Section Strategies.
Variables (pi1 pi2 : S -> A).
Hypothesis pi1_enabled : forall q, p1 q -> enabled T q (pi1 q).
Hypothesis pi2_sr : sr2 p1 T F Z pi2.

Definition escape_move q a : Prop :=
  win2 F q /\ ~ sr_attr q /\ exists t, T q a = Some t /\ ~ sr_attr t.

Definition escape q : A := pick_or (pi1 q) (escape_move q).

Lemma escape_default q : ~ win2 F q -> escape q = pi1 q.
Proof. by move=> nWq; apply: pick_or_default => -[a []]. Qed.

Lemma escape_sr1 Y : sr1 p1 T F Y escape.
Proof.
move=> q Pq; split; last by rewrite Pq; case.
have [/(pick_orP (pi1 q))[_ [_ [t [Tqa _]]]] | /(pick_or_default (pi1 q)) eq_pi1] :=
  classic (exists a, escape_move q a).
  by rewrite /enabled /escape Tqa.
by rewrite /escape eq_pi1; apply: pi1_enabled.
Qed.

Lemma escape_avoids q :
  p1 q -> win2 F q -> q \notin Z -> ~ sr_attr q ->
  exists t, T q (escape q) = Some t /\ ~ sr_attr t.
Proof.
move=> Pq Wq qZ nEq; have [a [t [Tqa nEt]]] := not_sr_attr_succ_p1 Pq Wq qZ nEq.
have /(pick_orP (pi1 q))[_ [_ //]] : exists a, escape_move q a.
by exists a; do 2!split=> //; exists t.
Qed.

Lemma escape_reaches_Z s p n :
  play p1 T set0 Z escape pi2 s p -> win2 F (p n) -> ~ sr_attr (p n) ->
  exists m, p m \in Z.
Proof.
move=> pl Wn; have [k rk] := win2_rank.1 ((win2_setUr (p n)).2 Wn).
elim/ltn_ind: k n rk Wn => k IH n rk Wn nEn.
have [pnZ | pnZ] := boolP (p n \in Z); first by exists n.
have pnF : p n \notin F by apply/negP => /sr_attr_F.
have pnFZ : p n \notin F :|: Z by rewrite inE negb_or pnF.
have WFZn := (win2_setUr (p n)).2 Wn.
have step := play_succ pl (n := n); rewrite set0U in step; move/(_ pnZ) in step.
suff [ltr nEt] :
    rank_lt (rank (F :|: Z) (p n.+1)) (rank (F :|: Z) (p n)) /\ ~ sr_attr (p n.+1).
  move: ltr; rewrite rk; case rt: (rank _ (p n.+1)) => [i|] //= ik.
  have Wn1 : win2 F (p n.+1) by apply/(win2_setUr _).1/win2_rank; exists i.
  exact: IH ik n.+1 rt Wn1 nEt.
case: ifP step => Pn step.
- have [t [Tn nEt]] := escape_avoids Pn Wn pnZ nEn.
  rewrite Tn in step; case: step => <-; split=> //.
  exact: rank_lt_p1 Pn WFZn pnFZ Tn.
- have := (pi2_sr (negbT Pn)).2 (conj (negbT Pn) (conj Wn pnFZ)).
  rewrite step => ltr; split=> // Et; apply: nEn.
  exact: sr_attr_p2 pnZ Wn (negbT Pn) step ltr Et.
Qed.

Definition mimic_move q a : Prop :=
  win2 F q /\ q \notin F /\
  exists t, T q a = Some t /\ rank_lt (rank F t) (rank F q) /\ (sr_attr q -> sr_attr t).

Definition mimic q : A := pick_or (pi2 q) (mimic_move q).

Lemma mimic_move_exists q : ~~ p1 q -> win2 F q -> q \notin F -> exists a, mimic_move q a.
Proof.
move=> Pq Wq qF; have [Eq | nEq] := classic (sr_attr q).
  have [a [t [Tqa [ltr Et]]]] := sr_attr_succ_p2 Eq Pq qF.
  by exists a; do 2!split=> //; exists t.
have [a [t [Tqa ltr]]] := rank_lt_p2 Pq Wq qF.
by exists a; do 2!split=> //; exists t; do 2!split=> // /nEq.
Qed.

Lemma mimic_default q : ~ win2 F q -> mimic q = pi2 q.
Proof. by move=> nWq; apply: pick_or_default => -[a []]. Qed.

Lemma mimic_enabled q : ~~ p1 q -> enabled T q (mimic q).
Proof.
move=> Pq; have [/(pick_orP (pi2 q))[_ [_ [t [Tqa _]]]] | /(pick_or_default (pi2 q)) eq_pi2] :=
  classic (exists a, mimic_move q a).
  by rewrite /enabled /mimic Tqa.
by rewrite /mimic eq_pi2; apply: (pi2_sr Pq).1.
Qed.

Lemma mimic_sr2 : sr2 p1 T F set0 mimic.
Proof.
move=> q Pq; split; first exact: mimic_enabled.
rewrite setU0 => -[_ [Wq qF]].
have /(pick_orP (pi2 q))[_ [_ [t [Tqa [ltr _]]]]] := mimic_move_exists Pq Wq qF.
by rewrite /mimic Tqa.
Qed.

Lemma sr_attr_closed q t :
  sr_attr q -> T q (if p1 q then pi1 q else mimic q) = Some t -> sr_attr t.
Proof.
move=> Eq; have [qF /F_sink-> // | qF] := boolP (q \in F).
case: ifP => [Pq | /negbT Pq] Tq; first exact: sr_attr_succ_p1 Eq Pq qF Tq.
have /(pick_orP (pi2 q))[_ [_ [u [Tqu [_ Eu]]]]] := mimic_move_exists Pq (sr_attr_win2 Eq) qF.
by move: Tq; rewrite /mimic Tqu => -[<-]; apply: Eu.
Qed.

Lemma mimic_shadows s p pp :
  play p1 T set0 Z escape pi2 s p -> play p1 T Z set0 pi1 mimic s pp ->
  (forall n, p n \notin Z) -> (forall n, win2 F (p n) -> sr_attr (p n)) ->
  forall n, (pp n = p n /\ ~ win2 F (p n)) \/ sr_attr (pp n).
Proof.
move=> pl ppl pZ WE; elim=> [|n [[ppn nWn] | En]].
- have [/WE E0 | nW0] := classic (win2 F (p 0)); [right | left];
    by rewrite ppl.1 -pl.1.
- have ppn1 : pp n.+1 = p n.+1.
    have := play_succ ppl (n := n); rewrite ppn setU0 mimic_default //.
    have := play_succ pl (n := n); rewrite set0U escape_default //.
    by move=> /(_ (pZ n)) -> /(_ (pZ n)) [->].
  by have [/WE | ] := classic (win2 F (p n.+1)); [right | left]; rewrite ppn1.
- have ppnZ : pp n \notin Z :|: set0 by rewrite setU0; apply: sr_attr_notin En.
  by right; apply: sr_attr_closed En (play_succ ppl ppnZ).
Qed.

Lemma escape_wins s p :
  (forall pi2', sr2 p1 T F set0 pi2' ->
     forall pp, play p1 T Z set0 pi1 pi2' s pp -> exists n, pp n \in Z :|: set0) ->
  play p1 T set0 Z escape pi2 s p -> exists n, p n \in Z.
Proof.
move=> pi1_wins pl; apply: NNPP => nZ.
have pZ n : p n \notin Z by apply/negP => pnZ; apply: nZ; exists n.
have [[n [Wn nEn]] | noesc] := classic (exists n, win2 F (p n) /\ ~ sr_attr (p n)).
  exact/nZ/(escape_reaches_Z pl Wn nEn).
have WE n : win2 F (p n) -> sr_attr (p n).
  by move=> Wn; apply: NNPP => nEn; apply: noesc; exists n.
have [pp ppl] : exists pp, play p1 T Z set0 pi1 mimic s pp.
  by apply: play_exists => q; case: ifP => [/pi1_enabled | /negbT/mimic_enabled].
have [n] := pi1_wins mimic mimic_sr2 pp ppl; rewrite setU0.
have [[-> _] | En] := mimic_shadows pl ppl pZ WE n; first by rewrite (negbTE (pZ n)).
by rewrite (negbTE (sr_attr_notin En)).
Qed.

End Strategies.
End FakeTargets.

Theorem theorem2 (S A : finType) (p1 : pred S) (A1 : pred A)
  (T : S -> A -> option S) (s0 : S) (F : {set S}) :
  is_game p1 A1 T F ->
  forall Z : {set S},
    (forall s, s \in Z -> win2 p1 T F s /\ s \notin F) ->
    forall s, dswin1 p1 T F Z set0 s -> dswin1 p1 T F set0 Z s.
Proof.
move=> [_ _ F_sink] Z HZ s [pi1 [pi1_sr pi1_wins]].
have Z_win2 z : z \in Z -> win2 p1 T F z by case/HZ.
have Z_notF z : z \in Z -> z \notin F by case/HZ.
have pi1_enabled q : p1 q -> enabled T q (pi1 q) by move=> /pi1_sr[].
exists (escape p1 T F Z pi1); split; first exact: escape_sr1.
move=> pi2 pi2_sr p pl; rewrite set0U.
exact: (escape_wins F_sink Z_win2 Z_notF pi1_enabled pi2_sr pi1_wins pl).
Qed.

****************************************

* _WORK REQUEST_: Out of the data above, set down the lines from the one with "have [n] := pi1_wins" to the one with "Theorem theorem2 (S", both included, exactly as written and with no additions.

* _ANSWER FOR THIS EXERCISE_:
have [n] := pi1_wins mimic mimic_sr2 pp ppl; rewrite setU0.
have [[-> _] | En] := mimic_shadows pl ppl pZ WE n; first by rewrite (negbTE (pZ n)).
by rewrite (negbTE (sr_attr_notin En)).
Qed.

End Strategies.
End FakeTargets.

Theorem theorem2 (S A : finType) (p1 : pred S) (A1 : pred A)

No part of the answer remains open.